I see it stated time and time again..."What others think of me is none of my business." I don't have to care what others think of me, but it IS my business, and here's why: If I don't know what others think, don't listen to what others think, and otherwise consider it "none of my business," how can I begin to learn where I am possibly going wrong? Me wrong? NEVER!!! LOL!!! But giving some thought to how I might improve myself is a far cry from being a "people pleaser", a "co-dependent" or an "enabler," which I have been told is what I am if I hint that another's take on me is my business. One of the best ways I can think of to discover how to be a better person is to listen to others' opinions of me.

I also consider: Going around living my life as I please, and to hell with how I affect others is, in my opinion, a manifestation of, "What other people think of me is none of my business." Because we are all on this human merry-go-round together causes me to want to be on good terms with others as far as is possible. In order to do this, I must extend the courtesy of considering other's opinions of me.

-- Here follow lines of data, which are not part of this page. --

(* Let $N\ge1$, $\lambda_1,\dots,\lambda_N$ distinct, $\mu_1,\dots,\mu_N$ nonzero constants, $B=\mathrm{diag}(\mu_j)$. If $P_i,Q_i$ ($i=1,2,3$) solve the nonlinearized spatial system (defined below), then there exist $N$ integrals of motion $\alpha_0,\dots,\alpha_{N-1}$ of that system such that \[q=\sqrt2(\langle P_1,BQ_2\rangle+\langle P_2,BQ_3\rangle),\qquad r=\sqrt2(\langle P_2,BQ_1\rangle+\langle P_3,BQ_2\rangle)\] solve the $N$-th order stationary AKNS equation \[K_N+\sum_{i=0}^{N-1}\alpha_iK_i=0.\]
   Context: Potential $u=(q,r)^T$; $U(u,\lambda)=\begin{pmatrix}-2\lambda&\sqrt2 q&0\\ \sqrt2 r&0&\sqrt2 q\\ 0&\sqrt2 r&2\lambda\end{pmatrix}$. Differential polynomials $a_i,b_i,c_i$ in $q,r$ and their $x$-derivatives: $a_0=-1$, $b_0=c_0=0$, and for $i\ge0$, $a_{i+1}=\frac12\partial^{-1}(q c_{i,x}+r b_{i,x})$, $b_{i+1}=-\frac12 b_{i,x}-q a_i$, $c_{i+1}=\frac12 c_{i,x}-r a_i$ ($\partial=d/dx$), with constants of integration fixed by $a_i|_{u=0}=b_i|_{u=0}=c_i|_{u=0}=0$ for $i\ge1$. The AKNS vector fields are $K_n=(-2b_{n+1},\,2c_{n+1})^T$, $n\ge0$. Phase space $\mathbb{R}^{6N}$ with coordinates $\phi_{ij},\psi_{ij}$ ($i=1,2,3$, $j=1,\dots,N$), $P_i=(\phi_{i1},\dots,\phi_{iN})^T$, $Q_i=(\psi_{i1},\dots,\psi_{iN})^T$, $\langle\cdot,\cdot\rangle$ the standard inner product on $\mathbb{R}^N$. With $\tilde u=(\tilde q,\tilde r)^T$, $\tilde q=\sqrt2(\langle P_1,BQ_2\rangle+\langle P_2,BQ_3\rangle)$, $\tilde r=\sqrt2(\langle P_2,BQ_1\rangle+\langle P_3,BQ_2\rangle)$, the nonlinearized spatial system is $(\phi_{1j},\phi_{2j},\phi_{3j})^T_x=U(\tilde u,\lambda_j)(\phi_{1j},\phi_{2j},\phi_{3j})^T$, $(\psi_{1j},\psi_{2j},\psi_{3j})^T_x=-U(\tilde u,\lambda_j)^T(\psi_{1j},\psi_{2j},\psi_{3j})^T$, $j=1,\dots,N$. An integral of motion is a function of $P_i,Q_i$ constant along solutions of this system. *)

From HB Require Import structures.
From mathcomp Require Import all_boot all_order all_algebra.
From mathcomp Require Import all_classical all_reals all_analysis.
Set Implicit Arguments. Unset Strict Implicit. Unset Printing Implicit Defensive.
Import Order.TTheory GRing.Theory Num.Theory.
Local Open Scope ring_scope.

Section DiffPoly.
Variable R : realType.
End Simplex.

Section Marginals.
Variables (R : realType) (n : nat).
Local Notation m := n.+1.
Local Notation D := (nadv n).

Lemma dotvDr d (u v w : 'rV[R]_d) : dotv u (v + w) = dotv u v + dotv u w.
Proof. by rewrite /dotv -big_split; apply: eq_bigr => j _; rewrite mxE mulrDr. Qed.

Lemma dotvC d (u v : 'rV[R]_d) : dotv u v = dotv v u.
Proof. by apply: eq_bigr => j _; rewrite mulrC. Qed.

Lemma dotvZr d (c : R) (u v : 'rV[R]_d) : dotv u (c *: v) = c * dotv u v.
Proof. by rewrite /dotv mulr_sumr; apply: eq_bigr => j _; rewrite mxE mulrCA. Qed.

Lemma dotvNr d (u v : 'rV[R]_d) : dotv u (- v) = - dotv u v.
Proof. by rewrite -scaleN1r dotvZr mulN1r. Qed.

Lemma dotvBr d (u v w : 'rV[R]_d) : dotv u (v - w) = dotv u v - dotv u w.
Proof. by rewrite dotvDr dotvNr. Qed.

Lemma dotv_unitv d (u : 'rV[R]_d) a (lt_ad : (a < d)%N) :
  dotv u (unitv R d a) = u 0 (Ordinal lt_ad).
Proof.
rewrite /dotv (bigD1 (Ordinal lt_ad)) //= big1 => [|j /negbTE nj].
  by rewrite mxE eqxx mulr1 addr0.
by rewrite mxE -[(j == a :> nat)]/(j == Ordinal lt_ad) nj mulr0.
Qed.

Lemma sum_entries_dotv d (p : 'rV[R]_d) : \sum_(j < d) p 0 j = dotv (const_mx 1) p.
Proof. by apply: eq_bigr => j _; rewrite mxE mul1r. Qed.

Lemma dotv_const1_unitv d a : (a < d)%N -> dotv (const_mx 1) (unitv R d a) = 1.
Proof. by move=> lt_ad; rewrite (dotv_unitv _ lt_ad) mxE. Qed.

Definition relevance (k : 'I_m) : 'rV[R]_D := \row_j (radv j k)%:R.

Definition marginal (p : 'rV[R]_D) (k : 'I_m) : R := dotv (relevance k) p.

Lemma dotv_lrow (s : 'S_m) (p : 'rV[R]_D) :
  dotv (lrow R s) p = \sum_(k < m) (s k).+1%:R * marginal p k.
Proof.
rewrite /marginal /dotv; under [RHS]eq_bigr do rewrite mulr_sumr.
rewrite exchange_big; apply: eq_bigr => j _; rewrite mxE mulr_suml.
by apply: eq_bigr => k _; rewrite mxE; ring.
Qed.

Lemma marginal_unitv a k : (a < D)%N -> marginal (unitv R D a) k = (odd (a %/ 2 ^ k))%:R.
Proof. by move=> lt_aD; rewrite /marginal (dotv_unitv _ lt_aD) mxE. Qed.

Lemma marginal_vertex_perturbation (b : 'rV[R]_D) (c : R) (i : 'I_D) k :
  marginal (b + c *: (unitv R D i - unitv R D 0)) k = marginal b k + c * (radv i k)%:R.
Proof.
rewrite /marginal dotvDr dotvZr dotvBr -!/(marginal _ k) !marginal_unitv ?expn_gt0 //.
by rewrite div0n subr0.
Qed.

Lemma mul_delta_diff p (A : 'M[R]_(p, D)) (a b : 'I_D) :
  A *m (delta_mx a (0 : 'I_1) - delta_mx b 0) = col a A - col b A.
Proof. by rewrite mulmxBr -!colE. Qed.

Lemma signal_mul_delta_diff (s : 'S_m) (a b : 'I_D) :
  feedback s a = feedback s b -> signal R s *m (delta_mx a (0 : 'I_1) - delta_mx b 0) = 0.
Proof.
move=> fab; rewrite mul_delta_diff; apply/matrixP => i j.
by rewrite !mxE fab subrr.
Qed.

End Marginals.

Section ThreeObjects.
Variable R : realType.
Local Notation D := (nadv 2).
Local Notation q := (@marginal R 2).

Definition i0 : 'I_3 := @Ordinal 3 0 isT.
Definition i1 : 'I_3 := @Ordinal 3 1 isT.
Definition i2 : 'I_3 := @Ordinal 3 2 isT.

Definition swap12 : 'S_3 := tperm i1 i2.

Lemma perm3_cases (u : 'S_3) :
  [/\ u i0 = 0 :> nat, u i1 = 1 :> nat & u i2 = 2 :> nat] \/
  [/\ u i0 = 0 :> nat, u i1 = 2 :> nat & u i2 = 1 :> nat] \/
  [/\ u i0 = 1 :> nat, u i1 = 0 :> nat & u i2 = 2 :> nat] \/
  [/\ u i0 = 1 :> nat, u i1 = 2 :> nat & u i2 = 0 :> nat] \/
  [/\ u i0 = 2 :> nat, u i1 = 0 :> nat & u i2 = 1 :> nat] \/
  [/\ u i0 = 2 :> nat, u i1 = 1 :> nat & u i2 = 0 :> nat].
Proof.
have neq x y : x != y -> u x != u y :> nat.
  by rewrite (inj_eq val_inj) (inj_eq (@perm_inj _ u)).
move: (neq i0 i1 isT) (neq i0 i2 isT) (neq i1 i2 isT).
move: (ltn_ord (u i0)) (ltn_ord (u i1)) (ltn_ord (u i2)).
case: (u i0 : nat) (u i1 : nat) (u i2 : nat) => [|[|[|?]]] [|[|[|?]]] [|[|[|?]]] //= *.
all: by do ?[by left | right].
Qed.

Lemma swap12_vals : [/\ swap12 i0 = i0, swap12 i1 = i2 & swap12 i2 = i1].
Proof. by rewrite /swap12 tpermL tpermR tpermD. Qed.

Lemma loss3 (u : 'S_3) p :
  dotv (lrow R u) p = (u i0).+1%:R * q p i0 + (u i1).+1%:R * q p i1 + (u i2).+1%:R * q p i2.
Proof.
rewrite dotv_lrow !big_ord_recl big_ord0 addr0 addrA.
by congr (_ + _ + _); congr ((u _).+1%:R * q p _); apply: val_inj.
Qed.

Lemma loss_id p : dotv (lrow R 1) p = q p i0 + 2%:R * q p i1 + 3%:R * q p i2.
Proof. by rewrite loss3 !perm1 mul1r. Qed.

Lemma loss_swap12 p : dotv (lrow R swap12) p = q p i0 + 3%:R * q p i1 + 2%:R * q p i2.
Proof. by case: swap12_vals => s0 s1 s2; rewrite loss3 s0 s1 s2 mul1r. Qed.

Lemma loss_id_le (u : 'S_3) p :
  q p i1 <= q p i0 -> q p i2 <= q p i1 -> dotv (lrow R 1) p <= dotv (lrow R u) p.
Proof.
move=> le10 le21; rewrite loss_id loss3.
by have [|[|[|[|[|]]]]] := perm3_cases u; case=> -> -> ->; lra.
Qed.

Lemma loss_swap12_le (u : 'S_3) p :
  q p i2 <= q p i0 -> q p i1 <= q p i2 -> dotv (lrow R swap12) p <= dotv (lrow R u) p.
Proof.
move=> le20 le12; rewrite loss_swap12 loss3.
by have [|[|[|[|[|]]]]] := perm3_cases u; case=> -> -> ->; lra.
Qed.

Lemma top_fixed_of_loss_le (u : 'S_3) p :
  q p i1 < q p i0 -> q p i2 = q p i1 -> dotv (lrow R u) p <= dotv (lrow R 1) p -> u i0 = i0.
Proof.
move=> lt10 e21; rewrite loss_id loss3 e21 => le_loss; apply: ord_inj; move: le_loss.
by have [|[|[|[|[|]]]]] := perm3_cases u; case=> -> -> -> //= le_loss; exfalso; lra.
Qed.

Lemma perm3_eq (v w : 'S_3) :
  v i0 = w i0 :> nat -> v i1 = w i1 :> nat -> v i2 = w i2 :> nat -> v = w.
Proof.
move=> e0 e1 e2; apply/permP => -[[|[|[|//]]] x3]; apply: ord_inj.
- by rewrite (_ : Ordinal x3 = i0) //; apply: ord_inj.
- by rewrite (_ : Ordinal x3 = i1) //; apply: ord_inj.
- by rewrite (_ : Ordinal x3 = i2) //; apply: ord_inj.
Qed.

Lemma perm3_fixing_i0 (u : 'S_3) : u i0 = i0 -> u = 1%g \/ u = swap12.
Proof.
move=> /(congr1 val) /= u0; case: swap12_vals => s0 s1 s2.
have [|[|[|[|[|]]]]] := perm3_cases u; case; rewrite u0 // => _ e1 e2.
  by left; apply: perm3_eq; rewrite ?perm1.
by right; apply: perm3_eq; rewrite ?s0 ?s1 ?s2.
Qed.

Lemma cell_id p : simplex p -> q p i1 <= q p i0 -> q p i2 <= q p i1 -> cell 1 p.
Proof. by move=> sp le10 le21; split=> // u; apply: loss_id_le. Qed.

Lemma cell_swap12 p : simplex p -> q p i2 <= q p i0 -> q p i1 <= q p i2 -> cell swap12 p.
Proof. by move=> sp le20 le12; split=> // u; apply: loss_swap12_le. Qed.

Local Notation e a := (unitv R D a).

Definition base_id : 'rV[R]_D := (1/2) *: e 0 + (1/4) *: e 1 + (1/4) *: e 3.
Definition base_swap12 : 'rV[R]_D := (1/2) *: e 0 + (1/4) *: e 1 + (1/4) *: e 5.

Ltac mass_marginals :=
  rewrite ?sum_entries_dotv /marginal ?(dotvDr, dotvBr, dotvZr, dotvNr) -?/(marginal _ _)
    ?dotv_const1_unitv ?marginal_unitv //=.

Lemma pareto_of_base (s : 'S_3) (b : 'rV[R]_D) :
  simplex b -> 1/8 <= b 0 0 ->
  (forall p, simplex p -> (forall k, q b k <= q p k <= q b k + 1/8) -> cell s p) ->
  pareto R s.
Proof.
move=> sb b0 Hcell.
apply: (has_full_dim_of_vertex_perturbations (d := 7) (b := b) (c := 1/8)) => [|p []//|i].
  by rewrite div1r invr_eq0 pnatr_eq0.
apply: Hcell => [|k]; first by apply: simplex_vertex_perturbation => //; lra.
have r01 : 0 <= ((radv (i : 'I_D) k)%:R : R) <= 1 by case: radv; rewrite /= ?ler01 ?lexx.
rewrite marginal_vertex_perturbation; lra.
Qed.

Lemma simplex_base_id : simplex base_id.
Proof.
split; last by mass_marginals; lra.
by case=> [[|[|[|[|[|[|[|[|//]]]]]]]] ?]; rewrite !mxE /=; lra.
Qed.

Lemma simplex_base_swap12 : simplex base_swap12.
Proof.
split; last by mass_marginals; lra.
by case=> [[|[|[|[|[|[|[|[|//]]]]]]]] ?]; rewrite !mxE /=; lra.
Qed.

Lemma pareto_id : pareto R (1 : 'S_3).
Proof.
apply: (pareto_of_base simplex_base_id); first by rewrite !mxE /=; lra.
move=> p sp qp; apply: cell_id => //; move: (qp i0) (qp i1) (qp i2); mass_marginals; lra.
Qed.

Lemma pareto_swap12 : pareto R swap12.
Proof.
apply: (pareto_of_base simplex_base_swap12); first by rewrite !mxE /=; lra.
move=> p sp qp; apply: cell_swap12 => //; move: (qp i0) (qp i1) (qp i2); mass_marginals; lra.
Qed.

Definition base_face : 'rV[R]_D := (1/2) *: e 0 + (1/4) *: e 1 + (1/8) *: e 3 + (1/8) *: e 5.

(* Directions that preserve the total mass and the equality q_1 = q_2. *)
Definition face_dir (i : nat) : 'rV[R]_D :=
  match i with
  | 1 => e 1 - e 0
  | 2 => e 6 - e 0
  | 3 => e 7 - e 0
  | 4 => e 2 + e 5 - 2%:R *: e 0
  | 5 => e 3 + e 5 - 2%:R *: e 0
  | 6 => e 4 - e 5
  | _ => 0
  end.

Definition face_point (i : 'I_7) : 'rV[R]_D := base_face + (1/16) *: face_dir i.

Lemma marginals_face_point0 :
  [/\ q (face_point 0) i0 = 1/2, q (face_point 0) i1 = 1/8 & q (face_point 0) i2 = 1/8].
Proof. by rewrite /face_point /= scaler0 addr0 /base_face; mass_marginals; split; lra. Qed.
(* Let $R$ be a finite Blaschke product and $m\ge1$. Then there exists an isomorphism of Hilbert bimodules over $A=C(\mathbb{T})$, $\Psi:X_R^{\otimes m}\to X_{R^{\circ m}}$, such that $\Psi(\xi_1\otimes\cdots\otimes\xi_m)=\xi_1\,(\xi_2\circ R)\,(\xi_3\circ R^{\circ2})\cdots(\xi_m\circ R^{\circ(m-1)})$ for $\xi_1,\dots,\xi_m\in X_R$.
   Context: A finite Blaschke product is $R(z)=\lambda\prod_{k=1}^n\frac{z-z_k}{1-\overline{z_k}z}$ with $\lambda\in\mathbb{T}$ and $z_k$ in the open unit disk; its iterates are again finite Blaschke products. For a finite Blaschke product $Q$, $X_Q=C(\mathbb{T})$ is the Hilbert bimodule over $A=C(\mathbb{T})$ with $(a\cdot\xi\cdot b)(z)=a(z)\xi(z)b(Q(z))$ and $\langle\xi,\eta\rangle_A(w)=\sum_{z\in Q^{-1}(w)}\frac{1}{|Q'(z)|}\overline{\xi(z)}\eta(z)$. $X_R^{\otimes m}$ denotes the $m$-fold interior tensor product of $X_R$ over $A$ (balanced over the right/left actions). *)

From HB Require Import structures.
From mathcomp Require Import all_boot all_order all_algebra.
From mathcomp Require Import complex reals.
From Stdlib Require Import ClassicalEpsilon.
Set Implicit Arguments. Unset Strict Implicit. Unset Printing Implicit Defensive.
Import Order.TTheory GRing.Theory Num.Theory.
Local Open Scope ring_scope.

Section Defs.
Variable R : realType.
Local Notation C := R[i].

Definition onT (z : C) : Prop := `|z| = 1.

(* equality of functions on T (elements of C(T) are functions C -> C
   considered on T) *)
Definition eqT (f g : C -> C) : Prop := forall z, onT z -> f z = g z.

Definition contT (f : C -> C) : Prop :=
  forall z, onT z -> forall eps : C, 0 < eps ->
    exists2 delta : C, 0 < delta &
      forall w, onT w -> `|w - z| < delta -> `|f w - f z| < eps.

Definition blaschke (lam : C) (zs : seq C) : C -> C :=
  fun z => lam * \prod_(a <- zs) ((z - a) / (1 - a^* * z)).

Definition is_blaschke (Q : C -> C) : Prop :=
  exists lam zs, `|lam| = 1 /\ (forall a, a \in zs -> `|a| < 1) /\
                 Q = blaschke lam zs.

Definition is_cderiv (f : C -> C) (z d : C) : Prop :=
  forall eps : C, 0 < eps -> exists2 delta : C, 0 < delta &
    forall h : C, 0 < `|h| < delta -> `|(f (z + h) - f z) / h - d| < eps.

Definition cderiv (f : C -> C) (z : C) : C :=
  epsilon (inhabits 0) (fun d => is_cderiv f z d).

Definition preimT (Q : C -> C) (w : C) : seq C :=
  epsilon (inhabits [::])
    (fun s : seq C => uniq s /\ forall z, z \in s <-> (onT z /\ Q z = w)).

Definition ipX (Q : C -> C) (xi eta : C -> C) : C -> C :=
  fun w => \sum_(z <- preimT Q w) (`|cderiv Q z|)^-1 * (xi z)^* * eta z.

Definition iterc (k : nat) (Q : C -> C) : C -> C := fun z => iter k Q z.

(* elementary tensors xi_0 (x) ... (x) xi_{m-1} of X_R^{(x) m}, and
   formal finite sums of them (the algebraic tensor product) *)
Definition elem_tensor (m : nat) := 'I_m -> C -> C.
Definition formal_sum (m : nat) := seq (elem_tensor m).

Fixpoint valid_sum (m : nat) (s : formal_sum m) : Prop :=
  match s with
  | [::] => True
  | e :: s' => (forall i, contT (e i)) /\ valid_sum s'
  end.

(* interior tensor product inner product on elementary tensors:
   c_0 = 1, c_{k+1} = < e_k , c_k . f_k >_R, result c_m *)
Definition ip_elem (Q : C -> C) (m : nat) (e f : elem_tensor m) : C -> C :=
  foldl (fun c i => ipX Q (e i) (fun z => c z * f i z)) (fun _ => 1) (enum 'I_m).

Definition ip_tensor (Q : C -> C) (m : nat) (s t : formal_sum m) : C -> C :=
  fun w => \sum_(e <- s) \sum_(f <- t) ip_elem Q e f w.

(* bimodule actions on X_R^{(x) m}: left on the first factor,
   right (a . xi . b)(z) = a(z) xi(z) b(R z) on the last factor *)
Definition lact_elem (m : nat) (a : C -> C) (e : elem_tensor m) : elem_tensor m :=
  fun i z => if val i == 0%N then a z * e i z else e i z.
Definition ract_elem (Q : C -> C) (m : nat) (b : C -> C) (e : elem_tensor m)
  : elem_tensor m :=
  fun i z => if val i == m.-1 then e i z * b (Q z) else e i z.

Definition psi_formula (Q : C -> C) (m : nat) (e : elem_tensor m) : C -> C :=
  fun z => \prod_(i < m) e i (iterc i Q z).

End Defs.

From HB Require Import structures.
From mathcomp Require Import all_boot all_order all_algebra.
From mathcomp Require Import complex reals.
From mathcomp Require Import boolp functions topology normedtype derive.
From mathcomp Require Import ring.
From Stdlib Require Import ClassicalEpsilon.
Set Implicit Arguments. Unset Strict Implicit. Unset Printing Implicit Defensive.
Import Order.TTheory GRing.Theory Num.Theory.
Import numFieldNormedType.Exports.
Local Open Scope ring_scope.
Local Open Scope classical_set_scope.
Definition regret_against (T : nat) (r x : nat -> 'I_N -> R) (xs : 'I_N -> R) : R :=
  \sum_(1 <= t < T.+1) \sum_i r t i * (xs i - x t i).

End BanditQ.

From HB Require Import structures.
From mathcomp Require Import all_boot all_order all_algebra.
From mathcomp Require Import reals.
From mathcomp Require Import ring lra zify.
Set Implicit Arguments. Unset Strict Implicit. Unset Printing Implicit Defensive.
Import Order.TTheory GRing.Theory Num.Theory.
Local Open Scope ring_scope.

(* BanditQ is adaptive online gradient ascent on the surrogate rewards
   r'(t) = (Q(t-1) + V) r(t), so its surrogate regret against any point of the
   simplex is at most 2 s_T with s_T = sqrt (2 sum_t |r'(t)|^2).  For a feasible
   comparator x*, the Lyapunov function L(t) = sum_i Q_i(t)^2 grows per round by at
   most 2 <Q(t-1) r(t), x* - x(t)> + N = 2 <r'(t) - V r(t), x* - x(t)> + N.
   Summing, L(n) + 2 V Regret_n <= 4 s_n + n N.  Hence 2 V Regret_T <= 4 s_T + N T,
   and since Regret_n >= -n also L(n) = O(s_T + V T).  This bounds every |r'(t)|^2
   by 2 L(t-1) + 2 N V^2, giving the self-referential s_T^2 <= T (16 s_T + O(V T + V^2));
   with V = Theta(sqrt T) this forces s_T = O(T^(5/4)), so
   Regret_T = O(T^(5/4) / V) = O(T^(3/4)). *)

Section SimplexGeometry.
Variables (R : realType) (N : nat).
Implicit Types (x y z p g v : 'I_N -> R).

Lemma sqnorm_ge0 v : 0 <= sqnorm v.
Proof. by apply: sumr_ge0 => i _; rewrite sqr_ge0. Qed.

Lemma in_simplex_le1 x : in_simplex x -> forall i, 0 <= x i <= 1.
Proof.
move=> [x0 x1] i; rewrite x0 -x1 (bigD1 i) //= lerDl.
by apply: sumr_ge0 => j _; apply: x0.
Qed.

Lemma in_simplex_segment p z l : in_simplex p -> in_simplex z -> 0 <= l <= 1 ->
  in_simplex (fun i => p i + l * (z i - p i)).
Proof.
move=> [p0 p1] [z0 z1] /andP[l0 l1]; split=> [i|].
  have -> : p i + l * (z i - p i) = (1 - l) * p i + l * z i by ring.
  by rewrite addr_ge0 // mulr_ge0 // subr_ge0.
by rewrite big_split /= -mulr_sumr sumrB p1 z1 subrr mulr0 addr0.
Qed.

Lemma sqnorm_sub_simplex_le2 x z : in_simplex x -> in_simplex z ->
  sqnorm (fun i => x i - z i) <= 2.
Proof.
move=> simp_x simp_z; apply: (@le_trans _ _ (\sum_i (x i + z i))).
  apply: ler_sum => i _.
  have /andP[x0 x1] := in_simplex_le1 simp_x i.
  have /andP[z0 z1] := in_simplex_le1 simp_z i.
  nra.
by rewrite big_split /= simp_x.2 simp_z.2.
Qed.

Lemma simplex_proj_obtuse y p z : is_simplex_proj y p -> in_simplex z ->
  \sum_i (y i - p i) * (z i - p i) <= 0.
Proof.
move=> [simp_p p_min] simp_z.
set B := \sum_i _; set C := sqnorm (fun i => z i - p i).
have C0 : 0 <= C := sqnorm_ge0 _.
have BC l : 0 < l <= 1 -> 2 * B <= l * C.
  case/andP=> l0 l1; have l01 : 0 <= l <= 1 by rewrite ltW.
  have := p_min _ (in_simplex_segment simp_p simp_z l01).
  have -> : sqnorm (fun i => y i - (p i + l * (z i - p i))) =
      sqnorm (fun i => y i - p i) - l * (2 * B) + l * (l * C).
    rewrite /sqnorm /B /C !mulr_sumr -sumrB -big_split /=.
    by apply: eq_bigr => i _; ring.
  by move=> ?; rewrite -(ler_pM2l l0); lra.
rewrite leNgt; apply/negP => B0.
(* Otherwise a step of size [B / (B + C)] from [p] towards [z] gets closer to [y]. *)
have /BC : 0 < B / (B + C) <= 1 by rewrite divr_gt0 ?ler_pdivrMr /=; lra.
have : B / (B + C) * C <= B by rewrite mulrAC ler_pdivrMr; nra.
lra.
Qed.

Lemma simplex_proj_contract y p z : is_simplex_proj y p -> in_simplex z ->
  sqnorm (fun i => p i - z i) <= sqnorm (fun i => y i - z i).
Proof.
move=> proj_p simp_z; have := simplex_proj_obtuse proj_p simp_z.
have -> : sqnorm (fun i => y i - z i) = sqnorm (fun i => y i - p i)
    - 2 * \sum_i (y i - p i) * (z i - p i) + sqnorm (fun i => p i - z i).
  by rewrite /sqnorm mulr_sumr -sumrB -big_split /=; apply: eq_bigr => i _; ring.
have := sqnorm_ge0 (fun i => y i - p i); lra.
Qed.

Lemma simplex_gain_geN1 (w : 'I_N -> R) x z :
  (forall i, 0 <= w i <= 1) -> in_simplex x -> in_simplex z ->
  -1 <= \sum_i w i * (z i - x i).
Proof.
move=> w01 [x0 x1] [z0 _]; rewrite -x1 -sumrN; apply: ler_sum => i _.
have := w01 i; have := x0 i; have := z0 i; nra.
Qed.

(* At [s = 0] the divisions are junk ([_ / 0 = 0]); the hypothesis [g = 0] covers that case. *)
Lemma ogd_step_le x z g s d : 0 <= s -> (s = 0 -> forall i, g i = 0) ->
  d <= sqnorm (fun i => x i + g i / s - z i) ->
  \sum_i g i * (z i - x i) <=
    s / 2 * (sqnorm (fun i => x i - z i) - d) + sqnorm g / (2 * s).
Proof.
move=> s0 g0 hd; have [s_eq0|s_neq0] := eqVneq s 0.
  rewrite big1 => [|i _]; last by rewrite g0 // mul0r.
  by rewrite s_eq0 !mul0r mulr0 invr0 mulr0 addr0.
have {}s0 : 0 < s by rewrite lt_def s_neq0.
set A := sqnorm _ in hd; set B := \sum_i _; set G := sqnorm g.
have eA : A = sqnorm (fun i => x i - z i) - 2 / s * B + G / s ^+ 2.
  rewrite /A /B /G /sqnorm mulr_sumr mulr_suml -sumrB -big_split /=.
  by apply: eq_bigr => i _; field.
have -> : s / 2 * (sqnorm (fun i => x i - z i) - d) + G / (2 * s) =
    s / 2 * (A - d) + B by rewrite eA; field.
by rewrite lerDr mulr_ge0 ?subr_ge0 // divr_ge0 // ltW.
Qed.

I do not say that we should become obsessive, but a devil-may-care, frivolous, cavalier, off-hand, "I-don't-care" attitude historically never got anyone much of anything.

Do I care what other people think? Yep, I do. Do I believe their opinion is my business? Yep, I do. I think this is a world in which we better start caring about how our words and actions affect others, and "it's none of my business" just doesn't cut it!

I am willing to listen to any explanations of why my thinking is incorrect.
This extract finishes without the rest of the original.